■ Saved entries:
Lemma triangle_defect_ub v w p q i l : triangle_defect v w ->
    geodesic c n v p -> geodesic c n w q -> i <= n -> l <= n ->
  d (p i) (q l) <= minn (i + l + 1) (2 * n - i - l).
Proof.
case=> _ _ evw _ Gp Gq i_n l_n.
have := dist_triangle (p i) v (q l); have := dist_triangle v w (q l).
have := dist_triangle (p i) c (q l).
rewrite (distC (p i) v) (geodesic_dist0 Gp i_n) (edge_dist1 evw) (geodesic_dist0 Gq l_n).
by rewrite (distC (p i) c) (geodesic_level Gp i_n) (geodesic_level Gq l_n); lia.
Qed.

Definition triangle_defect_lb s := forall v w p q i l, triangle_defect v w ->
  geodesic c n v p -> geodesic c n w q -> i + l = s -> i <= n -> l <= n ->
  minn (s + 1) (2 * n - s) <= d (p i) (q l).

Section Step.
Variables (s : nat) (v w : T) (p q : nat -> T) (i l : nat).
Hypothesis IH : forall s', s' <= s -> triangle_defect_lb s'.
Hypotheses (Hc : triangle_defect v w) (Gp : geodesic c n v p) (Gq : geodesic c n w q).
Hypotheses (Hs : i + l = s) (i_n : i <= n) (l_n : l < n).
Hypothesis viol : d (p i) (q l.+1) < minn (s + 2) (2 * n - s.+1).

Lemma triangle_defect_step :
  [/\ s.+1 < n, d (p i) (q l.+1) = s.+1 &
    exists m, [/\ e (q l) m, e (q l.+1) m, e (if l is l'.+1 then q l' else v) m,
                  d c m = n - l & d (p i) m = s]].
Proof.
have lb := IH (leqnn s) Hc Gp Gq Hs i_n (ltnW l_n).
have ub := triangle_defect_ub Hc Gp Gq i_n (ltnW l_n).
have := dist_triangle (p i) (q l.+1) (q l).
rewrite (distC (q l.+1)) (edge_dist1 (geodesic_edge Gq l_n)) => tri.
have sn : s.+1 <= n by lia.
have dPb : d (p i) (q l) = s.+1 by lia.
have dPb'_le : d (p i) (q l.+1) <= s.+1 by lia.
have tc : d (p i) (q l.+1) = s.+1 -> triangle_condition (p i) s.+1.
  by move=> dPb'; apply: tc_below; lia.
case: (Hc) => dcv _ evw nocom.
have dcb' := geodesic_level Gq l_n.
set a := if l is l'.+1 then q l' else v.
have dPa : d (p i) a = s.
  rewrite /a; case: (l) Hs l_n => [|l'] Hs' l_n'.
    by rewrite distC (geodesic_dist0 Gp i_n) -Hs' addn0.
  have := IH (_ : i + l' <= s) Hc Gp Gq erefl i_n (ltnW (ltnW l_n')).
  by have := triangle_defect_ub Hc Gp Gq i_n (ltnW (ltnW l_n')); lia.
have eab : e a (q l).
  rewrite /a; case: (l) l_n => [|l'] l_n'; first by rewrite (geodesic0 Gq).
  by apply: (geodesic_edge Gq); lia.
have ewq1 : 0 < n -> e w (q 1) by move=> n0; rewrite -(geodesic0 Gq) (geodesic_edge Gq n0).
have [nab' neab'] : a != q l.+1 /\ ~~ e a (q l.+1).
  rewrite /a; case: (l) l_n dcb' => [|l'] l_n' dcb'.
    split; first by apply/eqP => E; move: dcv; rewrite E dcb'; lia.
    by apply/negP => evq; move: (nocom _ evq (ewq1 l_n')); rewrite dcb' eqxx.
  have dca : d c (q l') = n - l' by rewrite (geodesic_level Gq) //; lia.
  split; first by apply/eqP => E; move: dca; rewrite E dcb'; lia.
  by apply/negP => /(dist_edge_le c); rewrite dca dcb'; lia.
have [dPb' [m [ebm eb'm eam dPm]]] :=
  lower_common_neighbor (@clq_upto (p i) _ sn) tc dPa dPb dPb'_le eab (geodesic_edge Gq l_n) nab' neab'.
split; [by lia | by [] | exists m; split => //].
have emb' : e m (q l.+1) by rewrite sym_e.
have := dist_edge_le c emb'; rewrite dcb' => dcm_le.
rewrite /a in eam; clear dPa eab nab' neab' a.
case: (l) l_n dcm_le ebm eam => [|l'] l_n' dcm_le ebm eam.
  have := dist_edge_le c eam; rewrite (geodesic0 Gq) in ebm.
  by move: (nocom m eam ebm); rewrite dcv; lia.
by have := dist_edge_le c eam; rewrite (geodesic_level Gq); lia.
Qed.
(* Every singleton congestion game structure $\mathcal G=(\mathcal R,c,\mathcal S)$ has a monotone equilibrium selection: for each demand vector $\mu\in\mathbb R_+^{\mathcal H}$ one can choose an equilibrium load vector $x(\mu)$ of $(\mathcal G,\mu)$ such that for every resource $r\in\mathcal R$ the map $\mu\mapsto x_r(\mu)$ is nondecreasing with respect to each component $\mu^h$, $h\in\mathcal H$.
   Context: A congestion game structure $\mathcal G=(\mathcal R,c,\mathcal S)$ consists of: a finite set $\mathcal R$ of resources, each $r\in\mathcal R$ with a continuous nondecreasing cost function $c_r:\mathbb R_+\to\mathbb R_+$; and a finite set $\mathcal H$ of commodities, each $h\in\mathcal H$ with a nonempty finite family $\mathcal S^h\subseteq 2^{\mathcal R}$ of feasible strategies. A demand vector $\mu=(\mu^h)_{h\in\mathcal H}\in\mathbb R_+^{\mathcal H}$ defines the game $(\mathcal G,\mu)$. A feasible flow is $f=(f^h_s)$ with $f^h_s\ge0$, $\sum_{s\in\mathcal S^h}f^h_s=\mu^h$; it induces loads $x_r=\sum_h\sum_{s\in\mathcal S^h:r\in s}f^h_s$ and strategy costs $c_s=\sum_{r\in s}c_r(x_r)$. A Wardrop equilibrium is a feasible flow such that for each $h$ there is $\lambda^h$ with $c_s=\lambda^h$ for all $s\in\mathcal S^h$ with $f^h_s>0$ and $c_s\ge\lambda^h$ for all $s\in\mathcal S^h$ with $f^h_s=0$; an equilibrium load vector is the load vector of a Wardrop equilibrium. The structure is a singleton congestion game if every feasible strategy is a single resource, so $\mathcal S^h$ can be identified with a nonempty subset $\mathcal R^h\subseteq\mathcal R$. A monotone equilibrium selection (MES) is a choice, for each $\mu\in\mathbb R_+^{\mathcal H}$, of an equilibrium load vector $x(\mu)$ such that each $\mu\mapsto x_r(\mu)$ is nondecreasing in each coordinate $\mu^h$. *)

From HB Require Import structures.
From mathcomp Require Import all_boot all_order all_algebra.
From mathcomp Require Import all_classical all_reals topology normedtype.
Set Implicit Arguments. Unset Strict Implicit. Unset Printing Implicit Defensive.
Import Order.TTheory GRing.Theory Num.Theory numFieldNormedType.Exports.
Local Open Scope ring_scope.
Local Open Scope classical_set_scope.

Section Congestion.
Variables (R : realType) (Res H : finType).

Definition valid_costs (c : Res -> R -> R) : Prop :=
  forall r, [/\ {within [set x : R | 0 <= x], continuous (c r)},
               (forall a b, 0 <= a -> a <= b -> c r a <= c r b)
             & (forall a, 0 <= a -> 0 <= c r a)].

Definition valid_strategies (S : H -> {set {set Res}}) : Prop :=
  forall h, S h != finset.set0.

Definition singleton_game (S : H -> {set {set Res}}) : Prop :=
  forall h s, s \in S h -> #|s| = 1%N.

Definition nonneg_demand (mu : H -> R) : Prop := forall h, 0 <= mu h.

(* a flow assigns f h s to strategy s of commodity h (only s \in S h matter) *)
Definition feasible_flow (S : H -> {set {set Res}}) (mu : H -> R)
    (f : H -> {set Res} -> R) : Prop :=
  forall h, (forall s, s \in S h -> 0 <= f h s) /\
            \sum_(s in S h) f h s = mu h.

■ Your task:
As the answer, set down only the lines from the data above between the one holding "by have := dist_edge_le" and the one holding "(* Every singleton", inclusive, exactly as they read.

■ Response:
by have := dist_edge_le c eam; rewrite (geodesic_level Gq); lia.
Qed.
(* Every singleton congestion game structure $\mathcal G=(\mathcal R,c,\mathcal S)$ has a monotone equilibrium selection: for each demand vector $\mu\in\mathbb R_+^{\mathcal H}$ one can choose an equilibrium load vector $x(\mu)$ of $(\mathcal G,\mu)$ such that for every resource $r\in\mathcal R$ the map $\mu\mapsto x_r(\mu)$ is nondecreasing with respect to each component $\mu^h$, $h\in\mathcal H$.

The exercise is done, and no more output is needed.